_What the task asks_
A single number is required: the count of lines in the following entries that include the word "vseries".
---------- Records for the task
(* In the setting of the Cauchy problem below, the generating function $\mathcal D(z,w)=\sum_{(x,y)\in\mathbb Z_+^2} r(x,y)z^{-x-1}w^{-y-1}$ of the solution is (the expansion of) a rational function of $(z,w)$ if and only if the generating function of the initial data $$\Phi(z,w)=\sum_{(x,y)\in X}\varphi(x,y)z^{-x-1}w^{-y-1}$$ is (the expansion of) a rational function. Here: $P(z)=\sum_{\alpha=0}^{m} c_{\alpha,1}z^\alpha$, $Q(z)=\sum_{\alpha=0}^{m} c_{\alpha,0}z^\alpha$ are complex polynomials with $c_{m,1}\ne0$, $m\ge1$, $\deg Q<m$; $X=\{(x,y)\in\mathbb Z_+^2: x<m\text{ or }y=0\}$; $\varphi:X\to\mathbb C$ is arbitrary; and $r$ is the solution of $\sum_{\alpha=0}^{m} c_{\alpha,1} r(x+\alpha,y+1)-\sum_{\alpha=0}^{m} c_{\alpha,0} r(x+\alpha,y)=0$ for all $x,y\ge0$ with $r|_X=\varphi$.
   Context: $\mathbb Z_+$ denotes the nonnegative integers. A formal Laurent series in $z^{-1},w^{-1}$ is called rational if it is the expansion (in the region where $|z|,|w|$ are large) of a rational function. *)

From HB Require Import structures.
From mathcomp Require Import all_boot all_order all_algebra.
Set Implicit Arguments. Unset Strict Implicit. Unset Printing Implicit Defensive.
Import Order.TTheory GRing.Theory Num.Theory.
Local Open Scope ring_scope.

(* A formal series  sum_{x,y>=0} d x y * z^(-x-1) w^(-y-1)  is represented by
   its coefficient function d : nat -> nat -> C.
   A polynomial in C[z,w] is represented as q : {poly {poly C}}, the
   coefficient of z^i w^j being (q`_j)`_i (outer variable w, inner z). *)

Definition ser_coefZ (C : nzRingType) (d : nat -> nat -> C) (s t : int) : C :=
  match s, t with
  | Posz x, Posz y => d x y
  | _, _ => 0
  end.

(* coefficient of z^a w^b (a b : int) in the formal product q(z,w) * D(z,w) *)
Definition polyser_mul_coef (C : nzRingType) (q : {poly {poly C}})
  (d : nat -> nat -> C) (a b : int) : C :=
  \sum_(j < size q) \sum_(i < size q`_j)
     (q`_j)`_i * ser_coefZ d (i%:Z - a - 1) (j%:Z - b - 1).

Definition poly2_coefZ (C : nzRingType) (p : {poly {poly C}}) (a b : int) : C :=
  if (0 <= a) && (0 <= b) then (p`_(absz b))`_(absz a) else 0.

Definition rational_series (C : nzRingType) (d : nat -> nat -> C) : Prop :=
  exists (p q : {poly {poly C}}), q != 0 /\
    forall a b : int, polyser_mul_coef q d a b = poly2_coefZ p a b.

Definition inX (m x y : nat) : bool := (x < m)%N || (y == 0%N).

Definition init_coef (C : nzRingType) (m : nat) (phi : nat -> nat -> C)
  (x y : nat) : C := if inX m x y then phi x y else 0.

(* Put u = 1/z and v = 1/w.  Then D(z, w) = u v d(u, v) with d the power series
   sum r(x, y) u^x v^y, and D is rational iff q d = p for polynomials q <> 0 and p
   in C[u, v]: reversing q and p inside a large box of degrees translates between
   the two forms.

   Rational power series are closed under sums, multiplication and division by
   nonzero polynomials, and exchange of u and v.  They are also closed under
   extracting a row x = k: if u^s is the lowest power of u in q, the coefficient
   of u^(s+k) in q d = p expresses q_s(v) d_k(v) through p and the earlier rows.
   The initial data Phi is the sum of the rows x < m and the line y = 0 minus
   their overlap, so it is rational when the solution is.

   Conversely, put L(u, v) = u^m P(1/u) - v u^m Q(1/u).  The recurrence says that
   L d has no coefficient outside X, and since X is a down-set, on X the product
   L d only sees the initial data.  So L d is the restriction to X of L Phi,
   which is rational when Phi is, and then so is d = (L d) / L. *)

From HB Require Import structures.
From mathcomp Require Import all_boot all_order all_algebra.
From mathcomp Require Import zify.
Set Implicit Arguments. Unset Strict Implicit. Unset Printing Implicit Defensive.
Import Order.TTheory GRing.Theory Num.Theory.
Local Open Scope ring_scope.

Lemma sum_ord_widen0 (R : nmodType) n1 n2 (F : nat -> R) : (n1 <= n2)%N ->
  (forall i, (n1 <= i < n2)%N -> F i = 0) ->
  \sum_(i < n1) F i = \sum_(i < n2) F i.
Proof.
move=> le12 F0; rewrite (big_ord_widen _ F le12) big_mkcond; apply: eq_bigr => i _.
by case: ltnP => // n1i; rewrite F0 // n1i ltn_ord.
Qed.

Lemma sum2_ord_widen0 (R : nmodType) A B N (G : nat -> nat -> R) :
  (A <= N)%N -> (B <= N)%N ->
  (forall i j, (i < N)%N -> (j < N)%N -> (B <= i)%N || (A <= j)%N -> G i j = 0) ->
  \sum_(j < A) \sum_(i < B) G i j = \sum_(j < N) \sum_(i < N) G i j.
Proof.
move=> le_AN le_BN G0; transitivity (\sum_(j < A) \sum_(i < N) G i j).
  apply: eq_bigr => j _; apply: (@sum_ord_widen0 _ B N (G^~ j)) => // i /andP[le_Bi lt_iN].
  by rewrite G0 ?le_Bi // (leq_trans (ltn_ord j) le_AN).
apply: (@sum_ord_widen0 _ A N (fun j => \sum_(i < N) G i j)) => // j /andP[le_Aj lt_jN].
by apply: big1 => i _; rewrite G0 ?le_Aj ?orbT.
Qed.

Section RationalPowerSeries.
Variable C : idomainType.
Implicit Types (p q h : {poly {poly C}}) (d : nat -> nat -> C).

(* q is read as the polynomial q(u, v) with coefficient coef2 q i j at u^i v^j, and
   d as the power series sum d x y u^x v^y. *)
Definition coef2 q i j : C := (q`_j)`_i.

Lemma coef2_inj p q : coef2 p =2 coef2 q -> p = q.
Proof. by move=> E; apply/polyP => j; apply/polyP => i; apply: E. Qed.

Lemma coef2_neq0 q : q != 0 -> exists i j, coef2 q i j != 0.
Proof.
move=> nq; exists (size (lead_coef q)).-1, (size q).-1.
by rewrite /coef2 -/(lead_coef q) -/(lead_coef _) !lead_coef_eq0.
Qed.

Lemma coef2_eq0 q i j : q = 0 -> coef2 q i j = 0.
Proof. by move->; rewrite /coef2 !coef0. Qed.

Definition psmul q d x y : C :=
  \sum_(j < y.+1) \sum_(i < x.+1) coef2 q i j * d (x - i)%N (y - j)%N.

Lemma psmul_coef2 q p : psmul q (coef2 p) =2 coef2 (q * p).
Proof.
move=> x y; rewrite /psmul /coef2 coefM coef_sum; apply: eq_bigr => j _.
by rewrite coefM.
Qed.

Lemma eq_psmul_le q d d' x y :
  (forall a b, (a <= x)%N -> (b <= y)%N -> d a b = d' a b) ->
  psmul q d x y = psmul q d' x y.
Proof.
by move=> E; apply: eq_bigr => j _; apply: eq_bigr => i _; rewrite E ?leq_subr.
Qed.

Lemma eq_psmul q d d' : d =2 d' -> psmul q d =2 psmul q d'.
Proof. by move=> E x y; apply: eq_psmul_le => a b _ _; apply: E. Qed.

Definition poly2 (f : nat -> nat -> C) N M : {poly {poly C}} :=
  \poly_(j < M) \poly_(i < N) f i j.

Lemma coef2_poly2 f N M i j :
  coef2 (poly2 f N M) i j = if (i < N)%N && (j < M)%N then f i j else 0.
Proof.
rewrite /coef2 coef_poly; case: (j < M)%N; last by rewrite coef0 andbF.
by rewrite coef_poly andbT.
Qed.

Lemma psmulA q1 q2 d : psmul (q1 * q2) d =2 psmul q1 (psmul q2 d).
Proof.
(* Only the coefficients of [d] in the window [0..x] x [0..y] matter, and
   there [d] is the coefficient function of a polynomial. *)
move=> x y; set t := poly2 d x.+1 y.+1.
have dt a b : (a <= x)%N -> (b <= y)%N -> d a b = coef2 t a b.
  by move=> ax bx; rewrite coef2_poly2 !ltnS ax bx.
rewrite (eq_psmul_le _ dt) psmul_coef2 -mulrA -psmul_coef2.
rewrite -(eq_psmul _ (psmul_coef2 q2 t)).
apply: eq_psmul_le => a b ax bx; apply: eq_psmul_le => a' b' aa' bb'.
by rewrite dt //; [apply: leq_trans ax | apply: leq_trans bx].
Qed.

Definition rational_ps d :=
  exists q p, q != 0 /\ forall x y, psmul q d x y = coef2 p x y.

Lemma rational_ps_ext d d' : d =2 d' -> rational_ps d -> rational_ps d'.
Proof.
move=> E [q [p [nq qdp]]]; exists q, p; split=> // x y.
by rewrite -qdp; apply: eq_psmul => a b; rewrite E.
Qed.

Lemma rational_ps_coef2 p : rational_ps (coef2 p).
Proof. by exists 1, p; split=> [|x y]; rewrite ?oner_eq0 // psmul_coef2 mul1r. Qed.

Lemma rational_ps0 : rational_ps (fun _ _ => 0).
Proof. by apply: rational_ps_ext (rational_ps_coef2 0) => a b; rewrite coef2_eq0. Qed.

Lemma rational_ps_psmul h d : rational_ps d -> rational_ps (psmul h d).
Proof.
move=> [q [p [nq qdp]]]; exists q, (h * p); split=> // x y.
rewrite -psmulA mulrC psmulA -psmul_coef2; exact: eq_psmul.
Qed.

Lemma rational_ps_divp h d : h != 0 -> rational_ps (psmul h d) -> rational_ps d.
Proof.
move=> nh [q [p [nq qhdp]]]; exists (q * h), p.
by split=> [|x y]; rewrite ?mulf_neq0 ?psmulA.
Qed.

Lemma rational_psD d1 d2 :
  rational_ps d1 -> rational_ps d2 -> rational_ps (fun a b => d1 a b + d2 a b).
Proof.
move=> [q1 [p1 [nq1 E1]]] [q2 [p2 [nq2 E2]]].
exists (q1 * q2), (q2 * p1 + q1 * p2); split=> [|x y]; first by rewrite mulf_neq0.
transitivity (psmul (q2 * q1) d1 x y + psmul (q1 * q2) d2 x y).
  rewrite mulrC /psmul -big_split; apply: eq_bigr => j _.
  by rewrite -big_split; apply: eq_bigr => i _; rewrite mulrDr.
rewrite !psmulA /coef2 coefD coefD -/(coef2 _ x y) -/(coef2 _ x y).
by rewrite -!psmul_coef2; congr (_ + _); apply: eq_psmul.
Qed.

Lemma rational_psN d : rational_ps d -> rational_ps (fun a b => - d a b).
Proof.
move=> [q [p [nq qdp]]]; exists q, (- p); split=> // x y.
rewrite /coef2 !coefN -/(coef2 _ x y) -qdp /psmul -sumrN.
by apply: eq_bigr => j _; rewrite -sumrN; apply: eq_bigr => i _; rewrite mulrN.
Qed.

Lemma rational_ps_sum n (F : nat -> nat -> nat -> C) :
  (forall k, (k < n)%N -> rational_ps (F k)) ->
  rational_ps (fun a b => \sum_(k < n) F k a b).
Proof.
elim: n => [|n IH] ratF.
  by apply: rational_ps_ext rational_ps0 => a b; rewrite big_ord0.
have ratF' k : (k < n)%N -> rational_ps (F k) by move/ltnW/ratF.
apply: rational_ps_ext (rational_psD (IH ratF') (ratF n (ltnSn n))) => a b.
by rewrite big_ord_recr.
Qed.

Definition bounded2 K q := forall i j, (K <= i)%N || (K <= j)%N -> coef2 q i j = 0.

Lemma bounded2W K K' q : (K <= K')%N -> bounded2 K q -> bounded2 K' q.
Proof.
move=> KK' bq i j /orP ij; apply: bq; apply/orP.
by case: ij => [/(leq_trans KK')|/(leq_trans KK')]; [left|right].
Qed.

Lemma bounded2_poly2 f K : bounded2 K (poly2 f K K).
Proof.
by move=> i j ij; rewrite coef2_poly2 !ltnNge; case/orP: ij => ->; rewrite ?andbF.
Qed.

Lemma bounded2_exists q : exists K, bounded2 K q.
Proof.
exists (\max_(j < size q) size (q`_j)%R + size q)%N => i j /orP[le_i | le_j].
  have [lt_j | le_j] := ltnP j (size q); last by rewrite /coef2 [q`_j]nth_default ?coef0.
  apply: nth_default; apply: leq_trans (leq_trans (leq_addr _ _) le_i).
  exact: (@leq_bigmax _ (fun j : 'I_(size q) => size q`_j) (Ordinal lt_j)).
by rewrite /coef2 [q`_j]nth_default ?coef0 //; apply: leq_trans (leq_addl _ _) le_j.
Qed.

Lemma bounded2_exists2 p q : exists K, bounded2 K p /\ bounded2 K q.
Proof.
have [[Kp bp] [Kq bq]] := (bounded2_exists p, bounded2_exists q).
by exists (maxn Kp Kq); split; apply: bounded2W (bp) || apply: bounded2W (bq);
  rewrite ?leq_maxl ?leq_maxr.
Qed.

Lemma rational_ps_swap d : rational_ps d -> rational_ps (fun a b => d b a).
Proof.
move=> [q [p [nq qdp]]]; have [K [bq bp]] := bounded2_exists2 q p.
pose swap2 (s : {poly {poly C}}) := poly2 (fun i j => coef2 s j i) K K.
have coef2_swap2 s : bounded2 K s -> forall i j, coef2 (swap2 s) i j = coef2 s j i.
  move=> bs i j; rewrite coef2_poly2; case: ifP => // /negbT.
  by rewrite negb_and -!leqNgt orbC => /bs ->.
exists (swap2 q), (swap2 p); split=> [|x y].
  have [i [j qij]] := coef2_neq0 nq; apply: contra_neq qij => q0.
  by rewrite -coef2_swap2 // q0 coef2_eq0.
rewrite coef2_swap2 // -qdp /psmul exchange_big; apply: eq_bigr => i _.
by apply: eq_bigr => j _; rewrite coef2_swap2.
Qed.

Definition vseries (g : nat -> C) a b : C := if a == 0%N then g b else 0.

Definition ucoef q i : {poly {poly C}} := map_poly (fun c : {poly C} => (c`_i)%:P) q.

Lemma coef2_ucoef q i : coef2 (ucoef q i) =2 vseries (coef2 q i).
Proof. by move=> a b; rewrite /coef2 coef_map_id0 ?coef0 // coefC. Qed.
--------------------
_Exercise output_
2